The trap here lies in the intuitive expectation of a deeper oxidation of iron (up to s.o. +3) in the case of its interaction with concentrated hydrochloric acid.

Interaction with oxidizing acids

Under normal conditions, iron does not react with concentrated sulfuric and nitric acids due to passivation. However, it reacts with them when boiled:

2Fe + 6H 2 SO 4 = o t=> Fe 2 (SO 4) 3 + 3SO 2 + 6H 2 O

Fe + 6HNO 3 = o t=> Fe(NO 3) 3 + 3NO 2 + 3H 2 O

Please note that diluted sulfuric acid oxidizes iron to an oxidation state of +2, and concentrated to +3.

Corrosion (rusting) of iron

In moist air, iron rusts very quickly:

4Fe + 6H 2 O + 3O 2 \u003d 4Fe (OH) 3

Iron does not react with water in the absence of oxygen either under normal conditions or when boiled. The reaction with water proceeds only at a temperature above the red heat temperature (> 800 ° C). those..

Cuprum (Cu) is one of the low-active metals. It is characterized by the formation of chemical compounds with oxidation states +1 and +2. So, for example, two oxides, which are a compound of two elements Cu and oxygen O: with an oxidation state of +1 - copper oxide Cu2O and an oxidation state of +2 - copper oxide CuO. Even though they are made up of the same chemical elements, but each of them has its own special characteristics. In the cold, the metal interacts very weakly with atmospheric oxygen, becoming covered with a film, which is copper oxide, which prevents further oxidation of cuprum. When heated, this simple substance with serial number 29 in the periodic table is completely oxidized. In this case, copper (II) oxide is also formed: 2Cu + O2 → 2CuO.

The nitrous oxide is a brownish red solid with a molar mass of 143.1 g/mol. The compound has a melting point of 1235°C, a boiling point of 1800°C. It is insoluble in water, but soluble in acids. Copper (I) oxide is diluted in (concentrated), and a colorless complex + is formed, which is easily oxidized in air to a blue-violet ammonium complex 2+, which dissolves in hydrochloric acid to form CuCl2. In the history of semiconductor physics, Cu2O is one of the most studied materials.

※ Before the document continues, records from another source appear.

(* Let $S_3^n=S_{K_3}^n$. Then $\chi_i'(S_3^1)=3$, $\chi_i'(S_3^2)=4$, and $\chi_i'(S_3^n)=5$ for every $n\ge 3$.
   Context: For a graph $H$ with at least one edge, an injective edge $k$-coloring is a map $c:E(H)\to\{1,\dots,k\}$ such that whenever $e_1=xy$, $e_2=yz$, $e_3=zu$ are edges of $H$ with $x,y,z$ distinct and $u\notin\{y,z\}$ (the case $u=x$ being allowed), we have $c(e_1)\ne c(e_3)$. The injective chromatic index $\chi_i'(H)$ is the least $k$ for which such a coloring exists. For a graph $G$ and positive integer $n$, the generalized Sierpiński graph $S_G^n$ has vertex set $V(G)^n$, and $(u_1,\dots,u_n)$, $(v_1,\dots,v_n)$ are adjacent if and only if there is $d\in\{1,\dots,n\}$ with $u_i=v_i$ for $i<d$, $u_dv_d\in E(G)$, and $u_i=v_d$, $v_i=u_d$ for all $i>d$. $K_3$ is the triangle. *)

From mathcomp Require Import all_boot.
Set Implicit Arguments. Unset Strict Implicit. Unset Printing Implicit Defensive.

(* Generalized Sierpinski graph S_G^n: vertices are words of length n over the
   vertex set of G, represented as {ffun 'I_n -> T}; position d (1-based in the
   paper) is index d-1 here. *)
Definition sierp (T : finType) (G : rel T) (n : nat) : rel {ffun 'I_n -> T} :=
  fun u v => [exists d : 'I_n,
    [&& [forall i : 'I_n, (i < d) ==> (u i == v i)],
        G (u d) (v d) &
        [forall i : 'I_n, (d < i) ==> ((u i == v d) && (v i == u d))]]].

Arguments sierp {T} G n _ _.

Definition K3 : rel 'I_3 := fun x y => x != y.

(* An injective edge k-coloring of the graph with adjacency relation e:
   a map from edges (unordered adjacent pairs) to {1,...,k}, represented as a
   function on ordered pairs that is symmetric on edges. *)
Definition inj_edge_coloring (T : finType) (e : rel T) (k : nat)
    (c : T -> T -> nat) : Prop :=
  (forall x y, e x y -> c x y = c y x) /\
  (forall x y, e x y -> 1 <= c x y <= k) /\
  (forall x y z u, e x y -> e y z -> e z u ->
     x != y -> y != z -> x != z -> u != y -> u != z ->
     c x y != c z u).

Definition inj_edge_colorable (T : finType) (e : rel T) (k : nat) : Prop :=
  exists c : T -> T -> nat, inj_edge_coloring e k c.

Definition inj_chromatic_index_is (T : finType) (e : rel T) (k : nat) : Prop :=
  inj_edge_colorable e k /\ (forall j, j < k -> ~ inj_edge_colorable e j).

(* An injective edge coloring is the same thing as a proper vertex coloring of
   the conflict graph whose vertices are the edges, two edges conflicting when
   they are the end edges of a path x y z u (u = x allowed).  Words of length k
   over {0,1,2} prefixed by n - k zeros embed S_3^k into S_3^n, so the lower
   bounds reduce to an exhaustive search showing that the conflict graphs of
   S_3^1, S_3^2 and S_3^3 have no proper 2-, 3- and 4-coloring.  The upper
   bounds for n = 1, 2 are explicit colorings.  For n >= 3, mapping a word to
   its last three letters, remembering in addition the last letter that differs
   from the final one when these three letters agree, is a homomorphism of
   S_3^n into a fixed graph on 33 vertices that is injective on neighbourhoods;
   such maps pull injective edge colorings back, and the fixed graph has an
   injective edge 5-coloring. *)

From mathcomp Require Import all_boot zify.
Set Implicit Arguments. Unset Strict Implicit. Unset Printing Implicit Defensive.

(** * Injective edge colorings as colorings of a conflict graph *)

Lemma inj_edge_colorable_le (T : finType) (e : rel T) j k :
  j <= k -> inj_edge_colorable e j -> inj_edge_colorable e k.
Proof.
move=> le_jk [c [c_sym [c_range c_inj]]]; exists c; split=> //; split=> // x y exy.
by have /andP[-> /leq_trans->] := c_range x y exy.
Qed.

Lemma inj_chromatic_index_is_intro (T : finType) (e : rel T) k :
  inj_edge_colorable e k -> ~ inj_edge_colorable e k.-1 ->
  inj_chromatic_index_is e k.
Proof.
move=> col_k not_col; split=> // j lt_jk /(inj_edge_colorable_le (k := k.-1)).
by move=> col; apply/not_col/col; lia.
Qed.

Definition proper_coloring (nbrs : seq (seq nat)) (j : nat) (asg : seq nat) :=
  all (fun i => (0 < nth 0 asg i <= j) &&
                all (fun h => nth 0 asg h != nth 0 asg i) (nth [::] nbrs i))
      (iota 0 (size nbrs)).

(* [if] rather than [&&] so that vm_compute does not explore failing branches. *)
Fixpoint coloring_extendable (nbrs : seq (seq nat)) (j : nat) (asg : seq nat) :=
  if nbrs is ns :: nbrs' then
    has (fun col => if all (fun h => nth 0 asg h != col) ns
                    then coloring_extendable nbrs' j (rcons asg col) else false)
        (iota 1 j)
  else true.

Lemma proper_coloring_extendable nbrs j asg :
  proper_coloring nbrs j asg -> coloring_extendable nbrs j [::].
Proof.
move=> /allP proper.
suff ext m : m <= size nbrs ->
    coloring_extendable (drop (size nbrs - m) nbrs) j (take (size nbrs - m) asg).
  by have := ext _ (leqnn _); rewrite subnn drop0 take0.
elim: m => [_|m IHm lt_m]; first by rewrite subn0 drop_size.
have [i [def_i lt_i]] : exists i, size nbrs - m.+1 = i /\ i < size nbrs.
  by exists (size nbrs - m.+1); split=> //; lia.
have i_in : i \in iota 0 (size nbrs) by rewrite mem_iota.
have /andP[range fresh] := proper i i_in.
rewrite def_i (drop_nth [::] lt_i) /=; apply/hasP; exists (nth 0 asg i).
  by rewrite mem_iota; lia.
rewrite ifT; last first.
  apply/allP=> h /(allP fresh); have [lt_hi|ge_hi] := ltnP h i.
    by rewrite nth_take.
  (* past the assigned prefix, [nth] returns 0, which is not a color *)
  have size_take_le : size (take i asg) <= h by rewrite size_take_min; lia.
  by rewrite (nth_default 0 size_take_le) => _; apply: contraTneq range => <-.
have -> : rcons (take i asg) (nth 0 asg i) = take i.+1 asg.
  have [lt_asg|ge_asg] := ltnP i (size asg); first by rewrite (take_nth 0).
  by move: range; rewrite nth_default.
have -> : i.+1 = size nbrs - m by lia.
by apply: IHm; lia.
Qed.

Section ConflictGraph.

Variables (S : eqType) (R : rel S) (L : seq S).
Hypotheses (R_sym : symmetric R) (R_irr : irreflexive R).

Definition edges_in : seq (S * S) :=
  [seq st <- [seq (x, y) | x <- L, y <- L] | (index st.1 L < index st.2 L) && R st.1 st.2].

Lemma mem_edges_in s t :
  ((s, t) \in edges_in) = [&& s \in L, t \in L, index s L < index t L & R s t].
Proof.
have st_pairs : ((s, t) \in [seq (x, y) | x <- L, y <- L]) = (s \in L) && (t \in L).
  by apply/allpairsP/andP => [[[x y] [/= ? ? [-> ->]]] | []] //; exists (s, t).
by rewrite mem_filter st_pairs /= andbC -!andbA.
Qed.

Lemma edges_in_cover s t : s \in L -> t \in L -> R s t ->
  ((s, t) \in edges_in) || ((t, s) \in edges_in).
Proof.
move=> sL tL Rst; rewrite !mem_edges_in sL tL Rst R_sym Rst /=.
have : index s L != index t L.
  by apply: contraTneq Rst => /(congr1 (nth s L)); rewrite !nth_index // => ->; rewrite R_irr.
by case: ltngtP.
Qed.

Definition path_conflict (x y z u : S) := [&& R y z, x != z & u != y].

Definition edge_conflict (e1 e2 : S * S) :=
  let: (x, y) := e1 in let: (z, u) := e2 in
  [|| path_conflict x y z u, path_conflict y x z u,
      path_conflict x y u z | path_conflict y x u z].

Lemma path_conflict_rev x y z u : path_conflict x y z u = path_conflict u z y x.
Proof. by rewrite /path_conflict R_sym [(x != z) && _]andbC. Qed.

Lemma edge_conflictC e1 e2 : edge_conflict e1 e2 = edge_conflict e2 e1.
Proof.
case: e1 e2 => [x y] [z u] /=.
rewrite ![path_conflict z _ _ _]path_conflict_rev ![path_conflict u _ _ _]path_conflict_rev.
by case: (path_conflict x y z u); case: (path_conflict y x u z); rewrite ?orbT.
Qed.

Copper(I) oxide, also known as hemioxide, has basic properties. It can be obtained by metal oxidation: 4Cu + O2 → 2 Cu2O. Impurities such as water and acids affect the rate of this process as well as further oxidation to the divalent oxide. Copper oxide can dissolve in this form pure metal and salt: H2SO4 + Cu2O → Cu + CuSO4 + H2O. According to a similar scheme, an oxide with a degree of +1 interacts with other oxygen-containing acids. In the interaction of hemioxide with halogen-containing acids, monovalent metal salts are formed: 2HCl + Cu2O → 2CuCl + H2O.

Oxide of copper (I) occurs in nature in the form of red ore (this is an outdated name, along with such as ruby ​​​​Cu), called the mineral "Cuprite". His education requires long time. It can be produced artificially at high temperatures or under high oxygen pressure. Hemioxide is commonly used as a fungicide, as a pigment, as an antifouling agent in underwater or marine paint, and as a catalyst.

However, the effect of this substance with the chemical formula Cu2O on the body can be dangerous. If inhaled, it causes dyspnoea, coughing, and ulceration and perforation of the respiratory tract. Irritating when swallowed gastrointestinal tract accompanied by vomiting, pain and diarrhea.

    H2 + CuO → Cu + H2O;

    CO + CuO → Cu + CO2.

Copper(II) oxide is used in ceramics (as a pigment) to produce glazes (blue, green, and red, and sometimes pink, gray, or black). It is also applied as food additive in animals to reduce cuprum deficiency in the body. It is an abrasive material that is necessary for polishing optical equipment. It is used for the production of dry cells, for the production of other Cu salts. The CuO compound is also used in the welding of copper alloys.

Exposure to the chemical compound CuO can also be dangerous to the human body. Causes lung irritation if inhaled. Copper(II) oxide can cause metal vapor fever (MFF). Cu oxide provokes a change in skin color, vision problems may appear. When ingested, like hemioxide, it leads to poisoning, which is accompanied by symptoms in the form of vomiting and pain.